PPA — Parahippocampal Place Area → responds to scenes & places

EBA — Extrastriate Body Area → responds to bodies

VWFA — Visual Word Form Area → responds to written text

LANGUAGE SYSTEM

A5 — Primary auditory cortex → speech vs. silence

STS — Superior temporal sulcus → speech vs. natural sounds

TPJ — Temporo-parietal junction → emotional processing

BA45 — Broca's area → syntactic complexity

Known Limitations

TRIBE v2 is a powerful but scoped model.
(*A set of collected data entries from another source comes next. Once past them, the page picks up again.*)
(* Let $A$ and $B$ be rings, $f: A\to B$ a ring homomorphism and $J$ a proper ideal of $B$. Let $S$ be the set of regular central elements of $B$ (central elements that are not zero divisors), and assume $J\cap S\neq\varnothing$. Then $A\bowtie^{f}J$ is a nil-Armendariz ring if and only if both $A$ and $f(A)+J$ are nil-Armendariz rings.
   Context: All rings are associative with identity (not necessarily commutative), ring homomorphisms are unital, and ideals are two-sided. $\mathrm{nil}(R)$ denotes the set of nilpotent elements of a ring $R$, and $\mathrm{nil}(R)[x]$ the set of polynomials all of whose coefficients lie in $\mathrm{nil}(R)$. For a ring homomorphism $f:A\to B$ and an ideal $J$ of $B$, the amalgamation is the subring $A\bowtie^{f}J=\{(a,f(a)+j)\mid a\in A,\ j\in J\}$ of $A\times B$; $f(A)+J=\{f(a)+j: a\in A, j\in J\}$ is a subring of $B$. A ring $R$ is nil-Armendariz if whenever $p(x)=\sum_{i=0}^n a_ix^i$ and $q(x)=\sum_{j=0}^m b_jx^j$ in $R[x]$ satisfy $p(x)q(x)\in\mathrm{nil}(R)[x]$, then $a_ib_j\in\mathrm{nil}(R)$ for all $i,j$. *)

From HB Require Import structures.
From mathcomp Require Import all_boot all_order all_algebra.
From Stdlib Require Import ClassicalEpsilon.
Set Implicit Arguments. Unset Strict Implicit. Unset Printing Implicit Defensive.
Import GRing.Theory.
Local Open Scope ring_scope.

Definition nilpotent (R : nzRingType) (x : R) : Prop := exists n : nat, x ^+ n = 0.

(* nil-Armendariz rings: p q in R[x] with p*q in nil(R)[x] implies
   a_i b_j in nil(R) for all i j (coefficients beyond the degree are 0). *)
Definition nil_armendariz (R : nzRingType) : Prop :=
  forall p q : {poly R},
    (forall k : nat, nilpotent (p * q)`_k) ->
    forall i j : nat, nilpotent (p`_i * q`_j).

Record ideal (R : nzRingType) := Ideal {
  ideal_pred :> {pred R};
  ideal0 : 0 \in ideal_pred;
  idealB : forall x y, x \in ideal_pred -> y \in ideal_pred -> x - y \in ideal_pred;
  idealMl : forall a x, x \in ideal_pred -> a * x \in ideal_pred;
  idealMr : forall a x, x \in ideal_pred -> x * a \in ideal_pred }.

Definition regular_central (R : nzRingType) (s : R) : Prop :=
  (forall b : R, s * b = b * s) /\
  (forall b : R, s * b = 0 -> b = 0) /\ (forall b : R, b * s = 0 -> b = 0).

Definition asbool (P : Prop) : bool :=
  if excluded_middle_informative P then true else false.

Lemma asboolP (P : Prop) : reflect P (asbool P).
Proof. by rewrite /asbool; case: excluded_middle_informative => h; constructor. Qed.

Section Amalgamation.
Variables (A B : nzRingType) (f : {rmorphism A -> B}) (J : ideal B).

(* A ⋈^f J = {(a, f a + j)} as a predicate on A * B *)
Definition amalg_pred : {pred A * B} := [pred x : A * B | x.2 - f x.1 \in J].

Lemma amalg_subring_closed : subring_closed amalg_pred.
Proof.
have e : forall x y, x \in J -> y \in J -> x + y \in J.
  move=> x y hx hy; rewrite -[y]opprK; apply: idealB => //.
  by rewrite -[- y]sub0r; apply: idealB => //; exact: ideal0.
split.
- by rewrite inE /= rmorph1 subrr ideal0.
- move=> [a b] [a' b']; rewrite !inE /= => h h'.
  have -> : b - b' - f (a - a') = (b - f a) - (b' - f a').
    by rewrite rmorphB !opprB addrACA [RHS]addrACA [- f a + _]addrC.
  exact: idealB.
- move=> [a b] [a' b']; rewrite !inE /= => h h'.
  have -> : b * b' - f (a * a') = (b - f a) * b' + f a * (b' - f a').
    by rewrite rmorphM mulrBl mulrBr addrA subrK.
  by apply: e; [apply: idealMr | apply: idealMl].
Qed.

Record amalg := Amalg { amalg_val : A * B; amalg_valP : amalg_val \in amalg_pred }.
HB.instance Definition _ := [isSub for amalg_val].
HB.instance Definition _ := [Choice of amalg by <:].
HB.instance Definition _ :=
  GRing.SubChoice_isSubNzRing.Build (A * B)%type amalg_pred amalg amalg_subring_closed.

Definition fAJ_pred : {pred B} := [pred b : B | asbool (exists a : A, b - f a \in J)].

Lemma fAJ_subring_closed : subring_closed fAJ_pred.
Proof.
have e : forall x y, x \in J -> y \in J -> x + y \in J.
  move=> x y hx hy; rewrite -[y]opprK; apply: idealB => //.
  by rewrite -[- y]sub0r; apply: idealB => //; exact: ideal0.
split.
- by rewrite inE; apply/asboolP; exists 1; rewrite rmorph1 subrr ideal0.
- move=> x y; rewrite !inE => /asboolP [a h] /asboolP [a' h'].
  apply/asboolP; exists (a - a').
  have -> : x - y - f (a - a') = (x - f a) - (y - f a').
    by rewrite rmorphB !opprB addrACA [RHS]addrACA [- f a + _]addrC.
  exact: idealB.
- move=> x y; rewrite !inE => /asboolP [a h] /asboolP [a' h'].
  apply/asboolP; exists (a * a').
  have -> : x * y - f (a * a') = (x - f a) * y + f a * (y - f a').
    by rewrite rmorphM mulrBl mulrBr addrA subrK.
  by apply: e; [apply: idealMr | apply: idealMl].
Qed.

Record fAJ := FAJ { fAJ_val : B; fAJ_valP : fAJ_val \in fAJ_pred }.
HB.instance Definition _ := [isSub for fAJ_val].
HB.instance Definition _ := [Choice of fAJ by <:].
HB.instance Definition _ :=
  GRing.SubChoice_isSubNzRing.Build B fAJ_pred fAJ fAJ_subring_closed.

End Amalgamation.

Arguments amalg {A B} f J.
Arguments fAJ {A B} f J.

From Pilot Require Import Defs.
From HB Require Import structures.
From mathcomp Require Import all_boot all_order all_algebra.
Import GRing.Theory.
Local Open Scope ring_scope.
Set Implicit Arguments. Unset Strict Implicit.

(* If both A and f(A) + J are nil-Armendariz, the two ring morphisms from
   A ⋈^f J onto A and onto f(A) + J transport a nil product p q, and
   (a, b) is nilpotent as soon as both a and b are.  Conversely A is a
   retract of A ⋈^f J through the diagonal a |-> (a, f a), and for a regular
   central s in J the map c |-> (0, s c) sends f(A) + J into A ⋈^f J; it is
   not a ring morphism, but (0, s c) (0, s c') = (0, s^2 c c') and
   multiplication by the regular central s^2 neither creates nor destroys
   nilpotence, which is all the nil-Armendariz property sees. *)

Lemma rmorph_nilpotent (R S : nzRingType) (g : {rmorphism R -> S}) (x : R) :
  nilpotent x -> nilpotent (g x).
Proof. by case=> n xn0; exists n; rewrite -rmorphXn xn0 rmorph0. Qed.

Lemma nilpotent_inj (R S : nzRingType) (g : {rmorphism R -> S}) (x : R) :
  injective g -> nilpotent (g x) -> nilpotent x.
Proof. by move=> g_inj [n gxn0]; exists n; apply: g_inj; rewrite rmorphXn rmorph0. Qed.

Lemma nilpotent_pair (R S : nzRingType) (u : R * S) :
  nilpotent u.1 -> nilpotent u.2 -> nilpotent u.
Proof.
move=> [n u1n0] [m u2m0]; exists (n + m)%N.
have -> : u ^+ (n + m) = (u.1 ^+ (n + m), u.2 ^+ (n + m)).
  by case: u {u1n0 u2m0} => a b; elim: (n + m)%N => // k IH; rewrite !exprS IH.
by rewrite !exprD u1n0 u2m0 mul0r mulr0.
Qed.

Lemma coef_mul_map_nilpotent (R S : nzRingType) (g : {rmorphism R -> S})
    (p q : {poly R}) :
  (forall k, nilpotent (p * q)`_k) ->
  forall k, nilpotent (map_poly g p * map_poly g q)`_k.
Proof. by move=> pq_nil k; rewrite -rmorphM coef_map; apply: rmorph_nilpotent. Qed.

Lemma nil_armendariz_of_rmorph (S R1 R2 : nzRingType)
    (g1 : {rmorphism S -> R1}) (g2 : {rmorphism S -> R2}) :
  (forall x, nilpotent (g1 x) -> nilpotent (g2 x) -> nilpotent x) ->
  nil_armendariz R1 -> nil_armendariz R2 -> nil_armendariz S.
Proof.
move=> nil_joint R1_nA R2_nA p q pq_nil i j.
apply: nil_joint; rewrite rmorphM -!coef_map.
- exact: R1_nA (coef_mul_map_nilpotent g1 pq_nil) i j.
- exact: R2_nA (coef_mul_map_nilpotent g2 pq_nil) i j.
Qed.

(* [g] need not be a ring morphism: it suffices that products of its values
   factor through an additive [h] that preserves and reflects nilpotence. *)
Lemma nil_armendariz_transfer (R S : nzRingType) (g : R -> S)
    (h : {additive R -> S}) :
  g 0 = 0 -> (forall x y, g x * g y = h (x * y)) ->
  (forall x, nilpotent x -> nilpotent (h x)) ->
  (forall x, nilpotent (h x) -> nilpotent x) ->
  nil_armendariz S -> nil_armendariz R.
Proof.
move=> g0 gM h_nil nil_h S_nA p q pq_nil i j.
have coef_g (r : {poly R}) k : (map_poly g r)`_k = g r`_k by rewrite coef_map_id0.
apply: nil_h; rewrite -gM -coef_g -coef_g; apply: S_nA => k.
have -> : (map_poly g p * map_poly g q)`_k = h (p * q)`_k.
  by rewrite !coefM raddf_sum; apply: eq_bigr => l _; rewrite !coef_g gM.
exact: h_nil.
Qed.

Lemma nil_armendariz_retract (R S : nzRingType) (i : {rmorphism R -> S})
    (r : {rmorphism S -> R}) :
  cancel i r -> nil_armendariz S -> nil_armendariz R.
Proof.
move=> iK; apply: (nil_armendariz_transfer (g := i) (h := i)).
- exact: rmorph0.
- by move=> x y; rewrite /= rmorphM.
- by move=> x /= /(rmorph_nilpotent i).
- by move=> x /= /(rmorph_nilpotent r); rewrite iK.
Qed.

Section RegularCentral.
Variable R : nzRingType.

Lemma regular_centralM (s t : R) :
  regular_central s -> regular_central t -> regular_central (s * t).
Proof.
move=> [sC [sl sr]] [tC [tl tr]]; split; [|split] => b.
- by rewrite -mulrA tC mulrA sC mulrA.
- by rewrite -mulrA => /sl /tl.
- by rewrite mulrA => /tr /sr.
Qed.

Lemma regular_central_nilpotentM (s x : R) :
  regular_central s -> nilpotent (s * x) <-> nilpotent x.
Proof.
move=> [sC [sl _]]; have sxX n : (s * x) ^+ n = s ^+ n * x ^+ n.
  by apply: exprMn_comm; apply: sC.
have sX_lreg m y : s ^+ m * y = 0 -> y = 0.
  by elim: m y => [|m IH] y; rewrite ?mul1r // exprS -mulrA => /sl /IH.
split=> [[n sxn0] | [n xn0]]; exists n; last by rewrite sxX xn0 mulr0.
by apply: (sX_lreg n); rewrite -sxX.
Qed.

End RegularCentral.

Section Amalgamation.
Variables (A B : nzRingType) (f : {rmorphism A -> B}) (J : ideal B).

Definition amalg_fst : {rmorphism amalg f J -> A} := fst \o val.

Lemma amalg_snd_in (x : amalg f J) : (val x).2 \in fAJ_pred f J.
Proof. by rewrite inE; apply/asboolP; exists (val x).1; have := valP x. Qed.

Definition amalg_snd (x : amalg f J) : fAJ f J := Sub (val x).2 (amalg_snd_in x).

Lemma amalg_snd_is_zmod_morphism : zmod_morphism amalg_snd.
Proof. by move=> x y; apply: val_inj; rewrite rmorphB !SubK rmorphB. Qed.

Lemma amalg_snd_is_monoid_morphism : monoid_morphism amalg_snd.
Proof.
split; first by apply: val_inj; rewrite rmorph1 SubK rmorph1.
by move=> x y; apply: val_inj; rewrite rmorphM !SubK rmorphM.
Qed.

HB.instance Definition _ := GRing.isZmodMorphism.Build (amalg f J) (fAJ f J)
  amalg_snd amalg_snd_is_zmod_morphism.
HB.instance Definition _ := GRing.isMonoidMorphism.Build (amalg f J) (fAJ f J)
  amalg_snd amalg_snd_is_monoid_morphism.

Lemma nilpotent_amalg (x : amalg f J) :
  nilpotent (amalg_fst x) -> nilpotent (amalg_snd x) -> nilpotent x.
Proof.
move=> x1_nil /(rmorph_nilpotent (val : fAJ f J -> B)) x2_nil.
exact: nilpotent_inj val_inj (nilpotent_pair x1_nil x2_nil).
Qed.

Lemma amalg_diag_in (a : A) : (a, f a) \in amalg_pred f J.
Proof. by rewrite inE /= subrr ideal0. Qed.

Definition amalg_diag (a : A) : amalg f J := Sub (a, f a) (amalg_diag_in a).

Lemma amalg_diag_is_zmod_morphism : zmod_morphism amalg_diag.
Proof. by move=> a a'; apply: val_inj; rewrite rmorphB !SubK /= rmorphB. Qed.

Lemma amalg_diag_is_monoid_morphism : monoid_morphism amalg_diag.
Proof.
split; first by apply: val_inj; rewrite rmorph1 SubK /= rmorph1.
by move=> a a'; apply: val_inj; rewrite rmorphM !SubK /= rmorphM.
Qed.

HB.instance Definition _ := GRing.isZmodMorphism.Build A (amalg f J)
  amalg_diag amalg_diag_is_zmod_morphism.
HB.instance Definition _ := GRing.isMonoidMorphism.Build A (amalg f J)
  amalg_diag amalg_diag_is_monoid_morphism.

Lemma amalg_diagK : cancel amalg_diag amalg_fst.
Proof. by []. Qed.

Section Scale.
Variables (t : B) (tJ : t \in J).

Lemma amalg_scale_in (c : fAJ f J) : (0, t * val c) \in amalg_pred f J.
Proof. by rewrite inE /= rmorph0 subr0; apply: Defs.idealMr. Qed.

Definition amalg_scale (c : fAJ f J) : amalg f J := Sub (0, t * val c) (amalg_scale_in c).

Lemma amalg_scale_is_zmod_morphism : zmod_morphism amalg_scale.
Proof.
move=> c c'; apply: val_inj => /=; rewrite mulrBr.
by apply: injective_projections; rewrite /= ?subr0.
Qed.

HB.instance Definition _ := GRing.isZmodMorphism.Build (fAJ f J) (amalg f J)
  amalg_scale amalg_scale_is_zmod_morphism.

Lemma amalg_scale_nilpotent (c : fAJ f J) :
  regular_central t -> nilpotent (amalg_scale c) <-> nilpotent c.
Proof.
move=> t_reg; split=> [scale_nil | c_nil].
  apply: (nilpotent_inj val_inj); apply/(regular_central_nilpotentM (val c) t_reg).
  by move: (rmorph_nilpotent (val : fAJ f J -> B) (rmorph_nilpotent amalg_snd scale_nil)).
apply: nilpotent_amalg; first by exists 1%N; rewrite expr1.
apply: (nilpotent_inj val_inj); apply/(regular_central_nilpotentM (val c) t_reg).
exact: rmorph_nilpotent.
Qed.

End Scale.

Lemma amalg_scaleM (s : B) (sJ : s \in J) (ssJ : s * s \in J) (c c' : fAJ f J) :
  (forall b, s * b = b * s) ->
  amalg_scale sJ c * amalg_scale sJ c' = amalg_scale ssJ (c * c').
Proof.
move=> sC; apply: val_inj => /=; apply: injective_projections => /=.
  by rewrite mul0r.
by rewrite -mulrA [fAJ_val c * _]mulrA -sC !mulrA.
Qed.

End Amalgamation.

Theorem theorem3p1 (A B : nzRingType) (f : {rmorphism A -> B}) (J : ideal B)
  (J_proper : exists b : B, b \notin J)
  (J_meets_S : exists s : B, s \in J /\ regular_central s) :
  nil_armendariz (amalg f J) <-> nil_armendariz A /\ nil_armendariz (fAJ f J).
Proof.
split=> [amalg_nA | [A_nA fAJ_nA]]; last first.
  exact: nil_armendariz_of_rmorph (@nilpotent_amalg _ _ f J) A_nA fAJ_nA.
split.
  exact: nil_armendariz_retract (@amalg_diagK _ _ f J) amalg_nA.
have [s [sJ s_reg]] := J_meets_S.
have ssJ : s * s \in J by apply: Defs.idealMr.
have ss_reg := regular_centralM s_reg s_reg.
apply: (nil_armendariz_transfer (g := amalg_scale sJ) (h := amalg_scale ssJ)) => //.
- exact: raddf0.
- by move=> c c'; apply: amalg_scaleM; case: s_reg.
all: by move=> c /(amalg_scale_nilpotent ssJ c ss_reg).
Qed.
Understanding its limitations is essential for interpreting NeuralPrint outputs responsibly.

Limitation	Impact	Workaround
fMRI resolution: ~2 mm, 1 Hz TR	Cannot capture millisecond-level neural dynamics	Focus on slow perceptual and cognitive processes
No olfaction, touch, or proprioception	Incomplete sensory model	Scope all inputs to audio, video, and text
Passive observer model	Does not model active behaviour or decision-making	Use for passive perception experiments only
Healthy adult brain only	Not representative of clinical or paediatric populations	Avoid any clinical or diagnostic claims
CC BY-NC licence	Non-commercial use only	Academic and research projects only
Subject block memory footprint	Memory-intensive when loading many subjects	Use zero-shot (group) mode for inference

Resources & Links

GitHub — Code & Implementation

github.com/facebookresearch/tribev2

HuggingFace — Model Weights

facebook/tribev2 · CC BY-NC

Interactive Demo

aidemos.atmeta.com/tribev2

Meta Blog Post

ai.meta.com · March 2026

BACKBONE MODELS & REFERENCED PAPERS

Model / Paper	Reference
V-JEPA-2-Giant	arXiv:2506.09985
Wav2Vec-Bert-2.0	Chung et al., 2021 · IEEE ASRU
Llama-3.2-3B	Grattafiori et al., 2024 · arXiv:2407.21783
HCP Parcellation	Glasser et al., 2016 · Nature, 536:171

Licence

TRIBE v2 model weights, code, and research paper are released under a CC BY-NC licence by Meta FAIR. NeuralPrint is a non-commercial research tool built on top of TRIBE v2. Authors: d'Ascoli, Rapin, Benchetrit, Brookes, Begany, Raugel, Banville, King (FAIR at Meta), March 2026.